Everytime we talk about Emergence, there is a notion of a pattern, something that we consider favourable, that eventually comes into existence by the complex interactions and dynamics of the system in question. On the other hand, the word ‘random’ typically represents the opposite of ‘pattern’. Or does it?

I argue here, randomness is an emergent property. Say I got {H,H,H} on 3 successive coin tosses, I can interpret the coin as 100% biases. But it can also happen to be one of those 8 possibilities that showed up in this Universe, while the other 7 cases were swept under the rug of the many-World’s interpretation of a measurement (albeit classical). Whether it is actually unbiased cannot be understood from a few trials unless the law of large numbers comes into play, i.e. until the prefect ideal probability distribution is at least captured in some approximation in the statistics. Randomness is a statistical parameter, making no sense for a single experiment, like the temperature of an individual atom. Often, randomness is associated with the entropy of the microstate. 3 Heads has higher order and less surprise than 2 Heads and 1 Tail. But that assumes the coin is unbiased as a prior. What if we want to understand the property of the system itself? For example, if we are looking for radio signals from extra-terrestrial life, or decodings the heiroglyphs of an ancient civilization? How would we distinguish a random signal from a non-random one? The entropy of a bitstring also deals with how much information can be communicated via it, or in the Kolmogorov sense, if it can be compressed and later decompressed with a wrapper semantic overhead. Let’s assume a situation where I tell a friend that I would either send a string of 1s if the answer if yes, or a string of equal 1s and 0s if the answer is no. Assuming no noise in the channel, now, the meaning of the word random loses it’s entropic context, as here, a string with 75% 1s would be more near to a random message.

Is pattern also an emergent parameter? Is it a statistical low entropy configuration or a collection of semantically meaning states?

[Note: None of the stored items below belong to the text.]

Lemma size_affine_defect_lt p n :
  (1 < n)%N -> (size p < n)%N -> (size (affine_defect p) < n)%N.
Proof.
move=> gt1_n lt_p_n; have lt_twp : (size (twist p - a *: p)%R < n)%N.
  rewrite (leq_ltn_trans (size_polyD _ _)) // size_polyN gtn_max size_twist //.
  by rewrite lt_p_n (leq_ltn_trans (size_scale_leq _ _)).
rewrite (leq_ltn_trans (size_polyD _ _)) // size_polyN gtn_max lt_twp.
exact: leq_ltn_trans (size_polyC_leq1 _) gt1_n.
Qed.

Lemma affine_defect_divp_eq0 P Q :
  (forall p, evx p = 0 -> p = 0) -> evx Q != 0 ->
  phi (evx P / evx Q) = val a * (evx P / evx Q) + val b ->
  affine_defect (P %/ Q) = 0.
Proof.
move=> evx_inj nzQ; set D := P %/ Q; set r := P %% Q.
have nz_Q : Q != 0 by apply: contraNneq nzQ => ->; rewrite rmorph0.
have nz_phiQ : phi (evx Q) != 0 by rewrite fmorph_eq0.
have nz_twQ : twist Q != 0 by rewrite -size_poly_gt0 size_twist // size_poly_gt0.
rewrite (divp_eq P Q) -/D -/r fmorph_div !rmorphD !rmorphM => sol.
have key : affine_defect D * Q * twist Q = a *: r * twist Q - twist r * Q.
  apply/eqP; rewrite -subr_eq0; apply/eqP/evx_inj.
  rewrite !rmorphB !rmorphM evx_affine_defect !evx_twist //.
  rewrite -mul_polyC rmorphM evxC.
  have -> : phi (evx D) = val a * ((evx D * evx Q + evx r) / evx Q) + val b
                          - phi (evx r) / phi (evx Q) by rewrite -sol; field.
  by field; apply/andP.
apply/eqP/negPn/negP => nz_D.
move: (congr1 (fun p : {poly B} => size p) key) => /=.
rewrite !size_mul ?mulf_neq0 // size_twist // => eq_size.
have le_rhs : (size (a *: r * twist Q - twist r * Q)%R <= (size r + size Q).-1)%N.
  rewrite (leq_trans (size_polyD _ _)) // size_polyN geq_max.
  rewrite !(leq_trans (size_polyMleq _ _)) // size_twist //.
  by rewrite -!subn1 leq_sub2r // leq_add2r size_scale_leq.
have lt_r : (size r < size Q)%N by rewrite ltn_modp.
have : (0 < size (affine_defect D))%N by rewrite size_poly_gt0.
have : (0 < size Q)%N by rewrite size_poly_gt0.
move: le_rhs lt_r; rewrite -eq_size.
move: (size (affine_defect D)) (size Q) (size r) => sD sQ sr; lia.
Qed.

- Arguments against the 1st idea: based on how we semantically understand something, a higher entropy system can show more pattern. E.g. a program in BrainFuck printing 1s forever will have less algorithmic entropy than a program in C++ generating the Fibonacci series due to the inherent non-rationality of te golden mean; or a C++ code for 1s would have lower entropy than a BrainFuck code for golden mean; even though it should depend on the semantics of the language for the compiler, like an english sentence has lower entropy than a japanese sentence due to the higher number of japanese alphabets.
- Arguments against the 2nd idea: if something has semantic meaning, it should be reducible to a cost function for which a pattern would give a higher score than a random input. For a program/language, it would be syntactic correctness, e.g. grammarly. But still the association to the application is missing, the same problem as with shannon information metric.

### Fascination with Fractals

(Oct 22, 2019)

Why are fractals so ubiquitous in Nature than Euclidian geometry? What property of fractals make them so favourable for these blueprints? I like to approach this from 2 different angles.

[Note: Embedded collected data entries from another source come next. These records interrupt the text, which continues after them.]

(* Let $F:\mathcal D\to\mathcal C$ be a braided monoidal functor between braided monoidal categories, let $\mathcal A$ be a $\mathcal C$-monoidal category, and let $\mathfrak A$ be a full subcategory of $\overline{\mathfrak A}(\mathcal C)$ such that the functors $\mathrm{coend}_{\mathcal C}:\mathfrak A\to\mathcal A\text{-coalg}$ and $\mathrm{coend}_{\mathcal D}:\mathfrak A\to\mathcal A\text{-coalg}$ exist (i.e. $\mathrm{coend}_{\mathcal C}(\omega)$ and $\mathrm{coend}_{\mathcal D}(\omega)$ exist for all objects $(\mathcal B,\omega)$ of $\mathfrak A$). Then $\mathrm{coend}_F:\mathrm{coend}_{\mathcal D}\to\mathrm{coend}_{\mathcal C}$, with components $\mathrm{coend}_F(\omega)$, is a natural epimorphism of functors from $\mathfrak A$ to $\mathcal A\text{-coalg}$.
   Context: $\mathcal K$-categories, $\mathcal K$-functors (with structure $\xi:\omega(X\otimes P)\cong X\otimes\omega(P)$) and $\mathcal K$-morphisms (natural transformations with $\xi'\varphi(X\otimes P)=(1_X\otimes\varphi(P))\xi$) are as usual; $\mathcal A$ $\mathcal C$-monoidal means a monoidal category and $\mathcal C$-category with compatible coherent isomorphisms, so $\omega\otimes M$ is a $\mathcal C$-functor for any $\mathcal C$-functor $\omega$ into $\mathcal A$. Via $F$, $\mathcal C$-categories/functors/morphisms are $\mathcal D$-categories/functors/morphisms. $\overline{\mathfrak A}(\mathcal C)$ has objects pairs $(\mathcal B,\omega)$ with $\mathcal B$ a $\mathcal C$-category and $\omega:\mathcal B\to\mathcal A$ a $\mathcal C$-functor; morphisms $(\mathcal B,\omega)\to(\mathcal B',\omega')$ are equivalence classes $[\chi,\zeta]$ of a $\mathcal C$-functor $\chi:\mathcal B\to\mathcal B'$ and a $\mathcal C$-isomorphism $\zeta:\omega\to\omega'\chi$, where $(\chi,\zeta)\sim(\chi',\zeta')$ if $\zeta'=\omega'\varphi\circ\zeta$ for a $\mathcal C$-isomorphism $\varphi:\chi\to\chi'$; composition $[\chi',\zeta'][\chi,\zeta]=[\chi'\chi,\zeta'\chi\circ\zeta]$. $\mathrm{coend}_{\mathcal K}(\omega)$ represents $M\mapsto\mathrm{Nat}_{\mathcal K}(\omega,\omega\otimes M)$ with universal $\delta$ and induced coalgebra structure; on morphisms $\mathrm{coend}_{\mathcal K}([\chi,\zeta])$ is the unique $z$ with $(\zeta\otimes z)\circ\delta=\delta'\chi\circ\zeta$. $\mathrm{coend}_F(\omega)$ is the unique $f$ with $(1_\omega\otimes f)\circ\partial=\delta$ for the universal $\mathcal D$-morphism $\partial$ and universal $\mathcal C$-morphism $\delta$. *)

Set Implicit Arguments.
Unset Strict Implicit.

Record Category := {
  ob :> Type;
  hom : ob -> ob -> Type;
  idm : forall a, hom a a;
  comp : forall a b c, hom b c -> hom a b -> hom a c;
  comp_idl : forall a b (f : hom a b), comp (idm b) f = f;
  comp_idr : forall a b (f : hom a b), comp f (idm a) = f;
  comp_assoc : forall a b c d (f : hom a b) (g : hom b c) (h : hom c d),
      comp h (comp g f) = comp (comp h g) f }.
Arguments hom {_} _ _.
Arguments idm {_} _.
Arguments comp {_ _ _ _} _ _.
Notation "g ∘ f" := (comp g f) (at level 40, left associativity).

Record iso (C : Category) (a b : C) := {
  fw : hom a b; bw : hom b a;
  fw_bw : fw ∘ bw = idm b; bw_fw : bw ∘ fw = idm a }.
Arguments iso {_} _ _.
Arguments fw {_ _ _} _.
Arguments bw {_ _ _} _.

Definition is_iso {C : Category} {a b : C} (f : hom a b) : Prop :=
  exists g : hom b a, f ∘ g = idm b /\ g ∘ f = idm a.

Record Functor (C D : Category) := {
  fob :> C -> D;
  fmap : forall a b, hom a b -> hom (fob a) (fob b);
  fmap_id : forall a, fmap (idm a) = idm (fob a);
  fmap_comp : forall a b c (f : hom a b) (g : hom b c),
      fmap (g ∘ f) = fmap g ∘ fmap f }.
Arguments fmap {_ _} _ {_ _} _.

Record Bifunctor (A B C : Category) := {
  bob :> A -> B -> C;
  bmap : forall a a' b b', hom a a' -> hom b b' -> hom (bob a b) (bob a' b');
  bmap_id : forall a b, bmap (idm a) (idm b) = idm (bob a b);
  bmap_comp : forall a a' a'' b b' b'' (f : hom a a') (f' : hom a' a'')
      (g : hom b b') (g' : hom b' b''),
      bmap (f' ∘ f) (g' ∘ g) = bmap f' g' ∘ bmap f g }.
Arguments bmap {_ _ _} _ {_ _ _ _} _ _.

God is a lazy programmer. Imagine you have to render the graphics of fire or clouds with triangles or ovals! Hell of a task, right? Indeed, a few iterations of a simple yet elegant fractal equation can generate these on your game world. It is not so difficult to drive home the point that fractals are the generator equations of the world we see around us, so fractal equations can easily generate models of them - low algorithmic complexity - lazy programmer. But, that’s a bit of ouruboros logic. The real equation is, why do we see fractal generator equations in the blueprints of the Universe? Why can’t clouds just be oval or fires as triangles like in the computer games of the early 1980s?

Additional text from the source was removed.